In previous studies, DNA copy number status in skull base chordomas also showed prognostic value. Deletion of 9p21, that we observed in nearly all subtype C chordomas was associated with worse recurrence-free survival but not OS in study by Bai et al. [10]. The same study also showed a prognostic relevance of 22q (encoding SMARCB1 gene) deletions [10]. Changes in 22q region were not observed in our patients’ group probably because it is more homogeneous and contained only one histological subtype of classical chordomas. Clinical relevance of CDKN2A expression and deletion of this gene locus were specifically address in the other study on classical and chondroid chordomas [40]. It revealed CDKN2A deletion in approximately 50% of the tumors but significant relationship between DNA copy number and patients’ survival was not observed [40].

Our results of copy number analysis showed prognostic value of chromosomal instability. We did not find survival difference between patients with 9p (CDKN2A locus) loss and 9p stable patients, but we observed a significant relationship of the higher level of copy number changes in tumors with shorter survival as clearly illustrated by significant difference in OS between patients with high and low number of CNAs. This observation is concordant with a general finding that chromosomal instability in human cancer is a biomarker of poor prognosis [57].

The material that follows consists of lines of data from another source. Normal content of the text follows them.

(* For any weighted undirected graph $G=(V,E,w)$ with $n=|V|\ge2$ and any HC-tree $\mathcal T$ of $G$, $$C_G(\mathcal T)\ \ge\ \frac n3\cdot\min\Big\{w(S,\bar S)\ :\ S\subseteq V,\ \frac n3\le |S|,|\bar S|\le\frac{2n}3\Big\}.$$
   Context: For $G=(V,E,w)$ with nonnegative weights, an HC-tree is a rooted tree whose leaves are in bijection with $V$; its cost is $C_G(\mathcal T)=\sum_{(u,v)\in E}w(u,v)\,|\mathrm{leaves}(\mathcal T[u\vee v])|$ where $u\vee v$ is the lowest common ancestor and $\mathrm{leaves}(\mathcal T[z])$ the leaf set of the subtree rooted at $z$. $\bar S=V\setminus S$, and $w(S,\bar S)$ is the total weight of edges between $S$ and $\bar S$. *)

From mathcomp Require Import all_boot all_order all_algebra.
Set Implicit Arguments. Unset Strict Implicit. Unset Printing Implicit Defensive.
Import Order.TTheory GRing.Theory Num.Theory.
Local Open Scope ring_scope.

Inductive hctree (T : Type) : Type :=
  | Leaf of T
  | Node of seq (hctree T).
Arguments Leaf {T}.
Arguments Node {T}.

Fixpoint leaves (T : Type) (t : hctree T) : seq T :=
  match t with
  | Leaf x => [:: x]
  | Node ts => (fix go (s : seq (hctree T)) : seq T :=
                  match s with
                  | [::] => [::]
                  | c :: s' => leaves c ++ go s'
                  end) ts
  end.

(* every internal node has at least one child (so all leaves are labelled) *)
Fixpoint wf_tree (T : Type) (t : hctree T) : bool :=
  match t with
  | Leaf _ => true
  | Node ts => (~~ nilp ts) &&
               (fix go (s : seq (hctree T)) : bool :=
                  match s with
                  | [::] => true
                  | c :: s' => wf_tree c && go s'
                  end) ts
  end.

Definition is_hctree (V : finType) (t : hctree V) : bool :=
  wf_tree t && perm_eq (leaves t) (enum V).

(* leaves(T[u \/ v]): leaf set of the subtree rooted at the lowest common
   ancestor of the leaves u and v: descend into the (unique, as labels are
   distinct) child containing both, while one exists. *)
Fixpoint lca_leaves (T : eqType) (t : hctree T) (u v : T) : seq T :=
  match t with
  | Leaf x => [:: x]
  | Node ts => (fix go (s : seq (hctree T)) : seq T :=
                  match s with
                  | [::] => leaves t
                  | c :: s' => if (u \in leaves c) && (v \in leaves c)
                               then lca_leaves c u v else go s'
                  end) ts
  end.

(* Cost C_G(T) = sum over edges {u,v} of w(u,v) |leaves(T[u \/ v])|.
   Each unordered edge appears twice among ordered pairs u != v. *)
Definition hc_cost (R : numDomainType) (V : finType) (w : V -> V -> R)
    (t : hctree V) : R :=
  2^-1 * \sum_(u : V) \sum_(v : V | u != v)
           w u v * (size (lca_leaves t u v))%:R.

Definition cut_weight (R : numDomainType) (V : finType) (w : V -> V -> R)
    (S : {set V}) : R :=
  \sum_(u in S) \sum_(v in ~: S) w u v.

Definition balanced (R : numFieldType) (V : finType) (S : {set V}) : bool :=
  let n : R := #|V|%:R in
  [&& n / 3%:R <= #|S|%:R, #|S|%:R <= 2%:R * n / 3%:R,
      n / 3%:R <= #|~: S|%:R & #|~: S|%:R <= 2%:R * n / 3%:R].

(* Walk down the tree from the root while some child still has more than 2n/3
   leaves.  At the node reached, either one child has between n/3 and 2n/3
   leaves, or all children have fewer than n/3 and a prefix of them has
   between n/3 and 2n/3.  Either way we get a balanced set S of leaves which
   splits no child, so every edge cut by S has its lowest common ancestor at
   that node or above, with at least n/3 leaves below it.  Summing over the
   cut edges gives C_G(T) >= (n/3) w(S, ~S) >= (n/3) m. *)

From Stdlib Require List.
From mathcomp Require Import all_boot all_order all_algebra zify lra.
Import Order.TTheory GRing.Theory Num.Theory.
Set Implicit Arguments. Unset Strict Implicit.

Lemma has_InP (T : Type) (p : pred T) (s : seq T) :
  reflect (exists2 x, List.In x s & p x) (has p s).
Proof.
apply: (iffP idP) => [/List.existsb_exists [x [xs px]] | [x xs px]].
  by exists x.
by apply/List.existsb_exists; exists x.
Qed.

Lemma sumn_take_between d n (s : seq nat) :
  all (fun x => d * x < n) s -> n <= d * sumn s ->
  exists2 k, n <= d * sumn (take k s) & d * sumn (take k s) <= 2 * n.
Proof.
move=> /allP small large.
have reach : exists k, n <= d * sumn (take k s) by exists (size s); rewrite take_size.
case: (ex_minnP reach) => [[|k] Pk min_k].
  by exists 0 => //; rewrite take0 muln0.
exists k.+1 => //.
have ks : k < size s.
  rewrite ltnNge; apply/negP => sk.
  by have := min_k k; rewrite take_oversize // large ltnn => /(_ isT).
have below : d * sumn (take k s) < n by rewrite ltnNge; apply/negP => /min_k; rewrite ltnn.
have last_small : d * nth 0 s k < n := small _ (mem_nth 0 ks).
by rewrite (take_nth 0 ks) sumn_rcons mulnDr; lia.
Qed.

Local Notation forest_leaves ts := (flatten (map (@leaves _) ts)).

Fixpoint hctree_ind (T : Type) (P : hctree T -> Prop) (P_leaf : forall x, P (Leaf x))
    (P_node : forall ts, (forall c, List.In c ts -> P c) -> P (Node ts))
    (t : hctree T) : P t :=
  match t with
  | Leaf x => P_leaf x
  | Node ts => P_node ts ((fix all_children s : forall c, List.In c s -> P c :=
       match s return forall c, List.In c s -> P c with
       | [::] => fun c in_nil => False_ind _ in_nil
       | c' :: s' => fun c in_s => match in_s with
           | or_introl e => eq_rect c' P (hctree_ind P_leaf P_node c') c e
           | or_intror in_s' => all_children s' c in_s' end
       end) ts)
  end.

Lemma leaves_Node (T : Type) (ts : seq (hctree T)) : leaves (Node ts) = forest_leaves ts.
Proof. by elim: ts => [|c s /= ->]. Qed.

Section LeafSets.
Variable V : eqType.

Lemma lca_leaves_NodeE (ts : seq (hctree V)) (u v : V) :
  lca_leaves (Node ts) u v =
  foldr (fun c rest => if (u \in leaves c) && (v \in leaves c)
                       then lca_leaves c u v else rest) (leaves (Node ts)) ts.
Proof.
set d := leaves (Node ts).
change ((fix go (s : seq (hctree V)) : seq V := match s with
  | [::] => d
  | c :: s' => if (u \in leaves c) && (v \in leaves c) then lca_leaves c u v else go s'
  end) ts = foldr (fun c rest => if (u \in leaves c) && (v \in leaves c)
                                  then lca_leaves c u v else rest) d ts).
by clearbody d; elim: ts => [|c s /= ->].
Qed.

Lemma forest_leavesP (ts : seq (hctree V)) (y : V) :
  reflect (exists2 c, List.In c ts & y \in leaves c) (y \in forest_leaves ts).
Proof.
elim: ts => [|c s IH] /=; first by right=> [[]].
rewrite mem_cat; apply: (iffP orP) => [[yc | /IH [c' c's yc']] | [c' [<-|c's] yc']].
- by exists c; [left|].
- by exists c'; [right|].
- by left.
- by right; apply/IH; exists c'.
Qed.

Lemma forest_leaves_sub (p ts : seq (hctree V)) (y : V) :
  (forall c, List.In c p -> List.In c ts) ->
  y \in forest_leaves p -> y \in forest_leaves ts.
Proof.
by move=> pts /forest_leavesP [c /pts cts yc]; apply/forest_leavesP; exists c.
Qed.

Section UniqForest.
Variable ts : seq (hctree V).
Hypothesis ts_uniq : uniq (forest_leaves ts).

Lemma forest_child_uniq (c : hctree V) : List.In c ts -> uniq (leaves c).
Proof.
move: ts_uniq; elim: ts => //= a s IH.
by rewrite cat_uniq => /and3P [? _ ?] [<- | /IH]; auto.
Qed.

Lemma forest_child_disjoint (c c' : hctree V) (y : V) :
  List.In c ts -> List.In c' ts -> y \in leaves c -> y \in leaves c' -> c = c'.
Proof.
move: ts_uniq; elim: ts => //= a s IH.
rewrite cat_uniq => /and3P [_ disj s_uniq] [<- | cs] [<- | c's] yc yc' //.
- by case/hasP: disj; exists y => //; apply/forest_leavesP; exists c'.
- by case/hasP: disj; exists y => //; apply/forest_leavesP; exists c.
- exact: IH.
Qed.

Lemma lca_leaves_Node_child (c : hctree V) (u v : V) :
  List.In c ts -> u \in leaves c -> v \in leaves c ->
  lca_leaves (Node ts) u v = lca_leaves c u v.
Proof.
rewrite lca_leaves_NodeE; move: (leaves (Node ts)) => d cts uc vc.
have in_c c' : List.In c' ts -> u \in leaves c' -> c' = c.
  by move=> c'ts uc'; apply: forest_child_disjoint uc' uc.
elim: ts in_c cts => //= a s IH in_c [ac | cs].
  by rewrite ac uc vc.
case: ifP => [/andP [ua _] | _]; last by apply: IH => // c' ?; apply: in_c; right.
by rewrite (in_c a) //; left.
Qed.

Lemma lca_leaves_Node_top (u v : V) :
  (forall c, List.In c ts -> ~~ ((u \in leaves c) && (v \in leaves c))) ->
  lca_leaves (Node ts) u v = leaves (Node ts).
Proof.
rewrite lca_leaves_NodeE; move: (leaves (Node ts)) => d.
elim: ts => //= c s IH split_c.
by rewrite (negbTE (split_c c (or_introl erefl))) IH // => c' ?; apply: split_c; right.
Qed.

Lemma forest_leaves_unsplit (p : seq (hctree V)) (c : hctree V) (u v : V) :
  (forall c', List.In c' p -> List.In c' ts) -> List.In c ts ->
  u \in leaves c -> v \in leaves c ->
  (u \in forest_leaves p) = (v \in forest_leaves p).
Proof.
move=> pts cts.
suff imp x y : x \in leaves c -> y \in leaves c ->
    x \in forest_leaves p -> y \in forest_leaves p.
  by move=> uc vc; apply/idP/idP; apply: imp.
move=> xc yc /forest_leavesP [c' c'p xc'].
rewrite (forest_child_disjoint cts (pts _ c'p) xc xc') in yc.
by apply/forest_leavesP; exists c'.
Qed.

End UniqForest.
End LeafSets.

Section BalancedSeparator.
Variable V : finType.

Lemma balanced_subforest n (ts : seq (hctree V)) :
  uniq (forest_leaves ts) ->
  (forall c, List.In c ts -> 3 * size (leaves c) <= 2 * n) ->
  n <= 3 * size (forest_leaves ts) ->
  exists2 p, (forall c, List.In c p -> List.In c ts) &
    uniq (forest_leaves p) /\ n <= 3 * size (forest_leaves p) <= 2 * n.
Proof.
move=> ts_uniq le_2n large.
case: (has_InP (fun c => n <= 3 * size (leaves c)) ts) => [[c cts mid] | no_mid].
  exists [:: c]; first by move=> c' [<- | []].
  by rewrite /= cats0 (forest_child_uniq ts_uniq cts) mid le_2n.
have small : all (fun x => 3 * x < n) (shape (map (@leaves V) ts)).
  rewrite /shape !all_map -[all _ _]negbK -has_predC.
  apply/has_InP => [[c cts /= big]]; apply: no_mid; exists c => //.
  by rewrite leqNgt.
rewrite size_flatten in large.
have [k lo hi] := sumn_take_between small large.
exists (take k ts).
  by move=> c; rewrite -{2}(cat_take_drop k ts) => ?; apply: List.in_or_app; left.
split; last by rewrite size_flatten /shape !map_take lo.
by move: ts_uniq; rewrite -{1}(cat_take_drop k ts) map_cat flatten_cat cat_uniq => /and3P [].
Qed.

Lemma balanced_separator n (x : hctree V) :
  2 <= n -> uniq (leaves x) -> 2 * n < 3 * size (leaves x) ->
  exists S : {set V}, [/\ n <= 3 * #|S| <= 2 * n, {subset S <= leaves x} &
    {in leaves x &, forall u v, (u \in S) != (v \in S) ->
       n <= 3 * size (lca_leaves x u v)}].
Proof.
move=> n_ge2; elim/hctree_ind: x => [y | ts IH]; first by rewrite /=; lia.
move=> top_uniq top_large.
have ts_uniq : uniq (forest_leaves ts) by rewrite -leaves_Node.
have top_ge : n <= 3 * size (leaves (Node ts)).
  by apply: leq_trans (ltnW top_large); rewrite leq_pmull.
have lca_top u v : lca_leaves (Node ts) u v = leaves (Node ts) ->
    n <= 3 * size (lca_leaves (Node ts) u v).
  by move=> ->.
case: (has_InP (fun c => 2 * n < 3 * size (leaves c)) ts) => [[c cts c_large] | no_large].
  have [S [bal S_c S_sep]] := IH c cts (forest_child_uniq ts_uniq cts) c_large.
  exists S; split=> // [y /S_c yc | u v _ _ sep_uv].
    by rewrite leaves_Node; apply/forest_leavesP; exists c.
  case uv_c: ((u \in leaves c) && (v \in leaves c)).
    case/andP: uv_c => uc vc.
    by rewrite (lca_leaves_Node_child ts_uniq cts uc vc); apply: S_sep.
  apply/lca_top/lca_leaves_Node_top => // c' c'ts; apply/negP => /andP [uc' vc'].
  have c'_c y : y \in S -> y \in leaves c' -> c' = c.
    by move=> /S_c yc yc'; apply: (forest_child_disjoint ts_uniq c'ts cts yc' yc).
  have [y yS yc'] : exists2 y, y \in S & y \in leaves c'.
    move: sep_uv; case: (boolP (u \in S)) => [uS _ | _ /negPn vS].
      by exists u.
    by exists v.
  by move: uv_c; rewrite -(c'_c y yS yc') uc' vc'.
have le_2n c : List.In c ts -> 3 * size (leaves c) <= 2 * n.
  by move=> cts; rewrite leqNgt; apply/negP => big; apply: no_large; exists c.
have [|p pts [p_uniq bal]] := balanced_subforest ts_uniq le_2n.
  by rewrite -leaves_Node.
exists [set y in forest_leaves p]; split.
- by rewrite cardsE (card_uniqP p_uniq).
- by move=> y; rewrite inE leaves_Node; apply: forest_leaves_sub.
move=> u v _ _ sep_uv; apply/lca_top/lca_leaves_Node_top => c cts.
apply/negP => /andP [uc vc].
by move: sep_uv; rewrite !inE (forest_leaves_unsplit ts_uniq pts cts uc vc) eqxx.
Qed.

End BalancedSeparator.

Local Open Scope ring_scope.

Section CutCost.
Variables (R : realFieldType) (V : finType) (w : V -> V -> R).

Lemma sum_separated_pairs (S : {set V}) :
  \sum_u \sum_(v | (u \in S) != (v \in S)) w u v =
  cut_weight w S + cut_weight w (~: S).
Proof.
rewrite (bigID (mem S)) /=; congr (_ + _).
  by apply: eq_bigr => u uS; apply: eq_bigl => v; rewrite inE uS.
apply: eq_big => [u | u uS]; first by rewrite inE.
by apply: eq_bigl => v; rewrite setCK (negbTE uS); case: (v \in S).
Qed.

Hypothesis w_sym : forall u v, w u v = w v u.

Lemma cut_weightC (S : {set V}) : cut_weight w (~: S) = cut_weight w S.
Proof.
rewrite /cut_weight setCK exchange_big.
by apply: eq_bigr => u _; apply: eq_bigr => v _; rewrite w_sym.
Qed.

Hypothesis w_ge0 : forall u v, 0 <= w u v.

Lemma hc_cost_ge_cut (t : hctree V) (S : {set V}) (k : R) :
  (forall u v, (u \in S) != (v \in S) -> k <= (size (lca_leaves t u v))%:R) ->
  k * cut_weight w S <= hc_cost w t.
Proof.
move=> lca_ge.
pose F u v := w u v * (size (lca_leaves t u v))%:R.
have separated_le : \sum_u \sum_(v | (u \in S) != (v \in S)) k * w u v <=
                    \sum_u \sum_(v | u != v) F u v.
  apply: ler_sum => u _; rewrite big_mkcond [X in _ <= X]big_mkcond /=.
  apply: ler_sum => v _.
  case: ifP => [sep | _]; last by case: ifP => // _; rewrite mulr_ge0.
  have -> : u != v by apply: contraTneq sep => ->; rewrite eqxx.
  by rewrite mulrC ler_wpM2l ?lca_ge.
have sum_k : \sum_u \sum_(v | (u \in S) != (v \in S)) k * w u v =
             2 * (k * cut_weight w S).
  under eq_bigr do rewrite -mulr_sumr.
  by rewrite -mulr_sumr sum_separated_pairs cut_weightC; lra.
rewrite /hc_cost -/F; move: separated_le; rewrite sum_k; lra.
Qed.

End CutCost.

Lemma balanced_of_card (R : realFieldType) (V : finType) (S : {set V}) :
  (#|V| <= 3 * #|S| <= 2 * #|V|)%N -> balanced R S.
Proof.
case/andP; rewrite -(ler_nat R) -[(3 * _ <= _)%N](ler_nat R) !natrM => lo hi.
have card_C : #|S|%:R + #|~: S|%:R = #|V|%:R :> R by rewrite -natrD cardsC.
by apply/and4P; split; lra.
Qed.

Theorem lemma5p8 (R : realFieldType) (V : finType) (w : V -> V -> R)
    (w_sym : forall u v, w u v = w v u)
    (w_ge0 : forall u v, 0 <= w u v)
    (n_ge2 : (2 <= #|V|)%N)
    (t : hctree V) (ht : is_hctree t)
    (m : R)
    (m_attained : exists2 S : {set V}, balanced R S & cut_weight w S = m)
    (m_min : forall S : {set V}, balanced R S -> m <= cut_weight w S) :
  hc_cost w t >= (#|V|%:R / 3%:R) * m.
Proof.
case/andP: ht => _ leaves_perm.
have t_uniq : uniq (leaves t) by rewrite (perm_uniq leaves_perm) enum_uniq.
have t_size : size (leaves t) = #|V| by rewrite (perm_size leaves_perm) cardT.
have t_all u : u \in leaves t by rewrite (perm_mem leaves_perm) mem_enum.
have [|S [bal _ S_sep]] := balanced_separator n_ge2 t_uniq.
  by rewrite t_size; lia.
apply: le_trans (hc_cost_ge_cut w_sym w_ge0 (S := S) (k := #|V|%:R / 3%:R) _).
  by apply: ler_wpM2l; [rewrite divr_ge0 | apply/m_min/balanced_of_card].
move=> u v /(S_sep u v (t_all u) (t_all v)) lca_large.
by rewrite ler_pdivrMr ?ltr0n // -natrM ler_nat mulnC.
Qed.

Besides a potential prognostic value, the observed biological difference between two chordoma subtypes with potentially important clinical implications in terms of the therapy. Immunotherapy, that include the use of immune checkpoint inhibitors (ICI) is a promising therapeutic avenue in chordoma and number of clinical trials on this field has been already initiated [58]. Importantly, the level of tumor-infiltrating lymphocytes is generally one of most relevant indicators of response to this therapy [59]. Therefore, this treatment may potentially be more beneficial in patients with chordoma I tumors. In turn, the role of cell cycle regulation and deletion of CDKN2A in chordoma C suggests an efficiency of cell cycle targeting therapy in these patients. Inhibitor of cyclin-dependent kinases 4/6, palbociclib showed an inhibitory activity in chordoma cell lines with P16/INK4A loss [60] and more recently in 1 (out of 2) chordoma xenografts with this 9p deletion [61]. The synergistic effect of combination of rapamycin and palbociclib in chordoma cell lines with PTEN and P16/INK4A loss was also shown [62]. Chordoma C patients harboring 9p are those who could potentially benefit from this type of treatment. The clinical trial on efficiency of palbociclib in chordoma patients has already been initiated. Its protocol includes molecular tumor profiling that hopefully would provide the rationale for this hypothesis [63]. Our findings are first to indicate that immune infiltration is negatively correlated with CDKNA2 loss and therefore immunotherapy and cell-cycle inhibitors may have different target subpopulations, among patients, affected by chordoma.

Conclusions

Two distinct chordoma subtypes (subtype C and I) with different patterns of aberrant DNA methylation have been identified upon genome-wide DNA methylation analysis. They have different profiles of both global and locus-specific methylation pattern as well as distinct gene expression. Differences in gene expression indicate immune activation in I chordomas and enhanced cell proliferation in C chordomas. Immune enrichment in I chordomas found in transcriptomic profiling is also confirmed by results of analysis with deconvolution methods. C chordomas are characterized by higher chromosomal instability, according to results of copy number analysis and they have 9p deletion causing downregulation of cell cycle inhibitors CDKN2A/B. Tumor subtypes do not differ significantly in terms of prognosis, however, there is a significant influence of chromosomal instability level on shorter survival.